======== Listed records

Lemma qmul1r (a : quat) : qmul q_1 a = a. Proof. quat_ring. Qed.
Lemma qmulr1 (a : quat) : qmul a q_1 = a. Proof. quat_ring. Qed.
Lemma qconjK (a : quat) : qconj (qconj a) = a. Proof. quat_ring. Qed.
Lemma qmul_conjl (a : quat) : qmul (qconj a) a = qreal (qnorm2 a). Proof. quat_ring. Qed.
Lemma qnorm2M (a b : quat) : qnorm2 (qmul a b) = qnorm2 a * qnorm2 b.
Proof. rewrite /qnorm2 /=; ring. Qed.
Lemma qnorm2C (a : quat) : qnorm2 (qconj a) = qnorm2 a.
Proof. rewrite /qnorm2 /=; ring. Qed.
Lemma qnorm2_real (r : R) : qnorm2 (qreal r) = r ^+ 2.
Proof. rewrite /qnorm2 /=; ring. Qed.

Lemma qnorm2_ge0 (a : quat) : 0 <= qnorm2 a.
Proof. by rewrite /qnorm2 !addr_ge0 ?sqr_ge0. Qed.

Lemma qnorm2_eq0 (a : quat) : qnorm2 a = 0 -> a = q_0.
Proof.
rewrite /qnorm2 => a0.
have := sqr_ge0 (q0 a); have := sqr_ge0 (q1 a).
have := sqr_ge0 (q2 a); have := sqr_ge0 (q3 a) => ? ? ? ?.
by apply: quatP => /=; apply/eqP; rewrite -sqrf_eq0; apply/eqP; lra.
Qed.

Lemma qmulV (a : quat) : qnorm2 a != 0 -> qmul a (qinv a) = q_1.
Proof.
rewrite /qnorm2 => a0; apply: quatP; cbn [qmul qinv q0 q1 q2 q3 Defs.q_1 qreal].
all: by rewrite /qnorm2; field.
Qed.

Lemma qmulVK (a b : quat) : qnorm2 b != 0 -> qmul (qmul a (qinv b)) b = a.
Proof.
rewrite /qnorm2 => b0; apply: quatP; cbn [qmul qinv q0 q1 q2 q3].
all: by rewrite /qnorm2; field.
Qed.

Lemma qreal_cancel (s : R) (a b : quat) :
  s != 0 -> qmul (qreal s) a = qmul (qreal s) b -> a = b.
Proof.
move=> s0 sab.
have K (x : quat) : qmul (qreal s^-1) (qmul (qreal s) x) = x.
  by apply: quatP; qsimpl; field.
by rewrite -(K a) sab K.
Qed.

Lemma fixes1E (M : mat) :
  fixes1 M <-> qadd (ma M) (mb M) = qadd (mc M) (md M) /\
               qnorm2 (qadd (mc M) (md M)) != 0.
Proof.
rewrite /fixes1 /mobius !qmulr1; set x := qadd _ _; set y := qadd _ _.
split; last by case=> -> y0; rewrite qmulV.
move=> xy.
(* [qinv] of a zero quaternion is zero, so the quotient cannot be 1 then *)
have y0 : qnorm2 y != 0.
  apply/eqP=> y0; move: (congr1 (@q0 R) xy) => /=.
  by rewrite y0 invr0 !mulr0 !subr0 => /esym/eqP; rewrite oner_eq0.
by split=> //; rewrite -(qmulVK x y0) xy qmul1r.
Qed.

Lemma fixes1_scale (s : R) (N : mat) : s != 0 -> fixes1 (mscale s N) <-> fixes1 N.
Proof.
move=> s0; rewrite !fixes1E /=.
have sD (x y : quat) :
  qadd (qmul (qreal s) x) (qmul (qreal s) y) = qmul (qreal s) (qadd x y) by quat_ring.
rewrite !sD qnorm2M qnorm2_real mulf_eq0 sqrf_eq0 (negbTE s0) /=.
by split=> [[/(qreal_cancel s0) -> ->] | [-> ->]].
Qed.

Lemma mmulA (A B C : mat) : mmul (mmul A B) C = mmul A (mmul B C). Proof. mat_ring. Qed.
Lemma mmul1l (A : mat) : mmul mI A = A. Proof. mat_ring. Qed.
Lemma mmul1r (A : mat) : mmul A mI = A. Proof. mat_ring. Qed.
Lemma mmul_scalel r (A B : mat) : mmul (mscale r A) B = mscale r (mmul A B).
Proof. mat_ring. Qed.
Lemma mmul_scaler r (A B : mat) : mmul A (mscale r B) = mscale r (mmul A B).
Proof. mat_ring. Qed.
Lemma mscaleA r s (A : mat) : mscale r (mscale s A) = mscale (r * s) A. Proof. mat_ring. Qed.
Lemma mscale1 (A : mat) : mscale 1 A = A. Proof. mat_ring. Qed.
Lemma mstar_mul (A B : mat) : mstar (mmul A B) = mmul (mstar B) (mstar A). Proof. mat_ring. Qed.
Lemma mTTx (A : mat) : mmul mT (mmul mT A) = A. Proof. mat_ring. Qed.

Lemma mscaleK r (A : mat) : r != 0 -> mscale r^-1 (mscale r A) = A.
Proof. by move=> r0; rewrite mscaleA mulVf // mscale1. Qed.

Lemma projeq_refl (M : mat) : projeq M M.
Proof. by exists 1; rewrite oner_neq0 mscale1. Qed.

Lemma projeq_sym (M N : mat) : projeq M N -> projeq N M.
Proof. by case=> r [r0 ->]; exists r^-1; rewrite invr_eq0 mscaleK. Qed.

Lemma projeq_mscale (r : R) (M : mat) : r != 0 -> projeq (mscale r M) M.
Proof. by exists r. Qed.

Lemma projeq_mul_invl (A X N : mat) (r s : R) : mmul A X = mI -> r != 0 ->
  mmul (mscale r X) N = mscale s mI -> N = mscale (s / r) A.
Proof.
move=> AX r0; rewrite mmul_scalel => XN.
have {}XN : mmul X N = mscale (s / r) mI.
  by rewrite -(mscaleK (mmul X N) r0) XN mscaleA mulrC.
by rewrite -[N]mmul1l -AX mmulA XN mmul_scaler mmul1r.
Qed.

(** Asking for both identities spares us proving that a one-sided inverse of a
    quaternionic matrix is two-sided. *)
Definition Tunitary (N : mat) : Prop :=
  mmul (mstar N) (mmul mT N) = mT /\ mmul N (mmul mT (mstar N)) = mT.

Definition mTinv (N : mat) : mat := mmul mT (mmul (mstar N) mT).

Lemma mTinvE (a b c d : quat) :
  mTinv (Mat a b c d) = Mat (qconj d) (qconj b) (qconj c) (qconj a).
Proof. rewrite /mTinv; mat_ring. Qed.

Lemma mTinvK (N : mat) : Tunitary N -> mmul (mTinv N) N = mI.
Proof. by case=> h1 _; rewrite /mTinv !mmulA h1 -[mI]mTTx mmul1r. Qed.

Lemma TunitaryX (N : mat) : Tunitary N ->
  (forall X, mmul (mstar N) (mmul mT (mmul N X)) = mmul mT X) /\
  (forall X, mmul N (mmul mT (mmul (mstar N) X)) = mmul mT X).
Proof. by case=> h1 h2; split=> X; [rewrite -{2}h1 | rewrite -{2}h2]; rewrite !mmulA. Qed.

Lemma Tunitary_mul (N N' : mat) : Tunitary N -> Tunitary N' -> Tunitary (mmul N N').
Proof.
move=> [h1 h2] [h1' h2'].
have [h1X _] := TunitaryX (conj h1 h2); have [_ h2X'] := TunitaryX (conj h1' h2').
by split; rewrite mstar_mul !mmulA ?h1X ?h2X'.
Qed.

Lemma Tunitary_mTinv (N : mat) : Tunitary N -> Tunitary (mTinv N).
Proof.
move=> /TunitaryX [h1 h2].
rewrite /Tunitary; have -> : mstar (mTinv N) = mmul mT (mmul N mT) by rewrite /mTinv; mat_ring.
by split; rewrite /mTinv !mmulA !mTTx ?h1 ?h2 mTTx.
Qed.

(** * [T]-unitary matrices fixing 1 *)

Lemma Tunitary_fixes1_norm (a b c d : quat) :
  Tunitary (Mat a b c d) -> qadd a b = qadd c d -> qnorm2 a + qnorm2 b = 1.
Proof.
move=> [h1 h2] abcd; have dE : d = qadd (qadd a b) (qopp c) by rewrite abcd; quat_ring.
rewrite {}dE in h1 h2.
have := congr1 (fun M => q0 (ma M)) h1; have := congr1 (fun M => q0 (mb M)) h1.
have := congr1 (fun M => q0 (md M)) h1; have := congr1 (fun M => q0 (ma M)) h2.
by msimpl; qsimpl; lra.
Qed.

Lemma Tunitary_fixes1_a0 (b c d : quat) : Tunitary (Mat q_0 b c d) ->
  qadd q_0 b = qadd c d -> qnorm2 b = 1 -> Mat q_0 b c d = TD true b.
Proof.
move=> [h1 _] bcd b1.
have cb : qmul (qconj c) b = q_1 by rewrite -[q_1](congr1 (@mb R) h1); msimpl; quat_ring.
have cE : c = b.
  have : qmul (qmul (qconj c) b) (qconj b) = qmul (qconj c) (qreal (qnorm2 b)) by quat_ring.
  rewrite cb b1 qmul1r => cbE.
  by rewrite -[c]qconjK -[b]qconjK cbE; quat_ring.
have dE : d = qadd (qadd q_0 b) (qopp c) by rewrite bcd; quat_ring.
by rewrite dE cE; mat_ring.
Qed.

Lemma Tunitary_fixes1_b0 (a c d : quat) : Tunitary (Mat a q_0 c d) ->
  qadd a q_0 = qadd c d -> qnorm2 a = 1 -> Mat a q_0 c d = TD false a.
Proof.
move=> [h1 _] acd a1.
have ad : qmul (qconj a) d = q_1 by rewrite -[q_1](congr1 (@mb R) h1); msimpl; quat_ring.
have dE : d = a.
  have : qmul a (qmul (qconj a) d) = qmul (qreal (qnorm2 a)) d by quat_ring.
  by rewrite ad a1 qmulr1 => ->; quat_ring.
have cE : c = qadd (qadd a q_0) (qopp d) by rewrite acd; quat_ring.
by rewrite cE dE; mat_ring.
Qed.

(** * Matrices over a subring *)

Record conj_subring (P : quat -> Prop) : Prop := ConjSubring {
  subring0 : P q_0;
  subring1 : P q_1;
  subringD : forall a b, P a -> P b -> P (qadd a b);
  subringM : forall a b, P a -> P b -> P (qmul a b);
  subringC : forall a, P a -> P (qconj a) }.

Definition mat_over (P : quat -> Prop) (N : mat) : Prop :=
  P (ma N) /\ P (mb N) /\ P (mc N) /\ P (md N).

Definition Tunitary_over (P : quat -> Prop) (M : mat) : Prop :=
  exists s N, s != 0 /\ mat_over P N /\ Tunitary N /\ M = mscale s N.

================

- What to do:
Going back to the entries above, set down exactly the lines that begin at the one with "mTinv (Mat a" and end at the one with "have [h1X _]", both included, and nothing else.

- Answer box:
  mTinv (Mat a b c d) = Mat (qconj d) (qconj b) (qconj c) (qconj a).
Proof. rewrite /mTinv; mat_ring. Qed.

Lemma mTinvK (N : mat) : Tunitary N -> mmul (mTinv N) N = mI.
Proof. by case=> h1 _; rewrite /mTinv !mmulA h1 -[mI]mTTx mmul1r. Qed.

Lemma TunitaryX (N : mat) : Tunitary N ->
  (forall X, mmul (mstar N) (mmul mT (mmul N X)) = mmul mT X) /\
  (forall X, mmul N (mmul mT (mmul (mstar N) X)) = mmul mT X).
Proof. by case=> h1 h2; split=> X; [rewrite -{2}h1 | rewrite -{2}h2]; rewrite !mmulA. Qed.

Lemma Tunitary_mul (N N' : mat) : Tunitary N -> Tunitary N' -> Tunitary (mmul N N').
Proof.
move=> [h1 h2] [h1' h2'].
have [h1X _] := TunitaryX (conj h1 h2); have [_ h2X'] := TunitaryX (conj h1' h2').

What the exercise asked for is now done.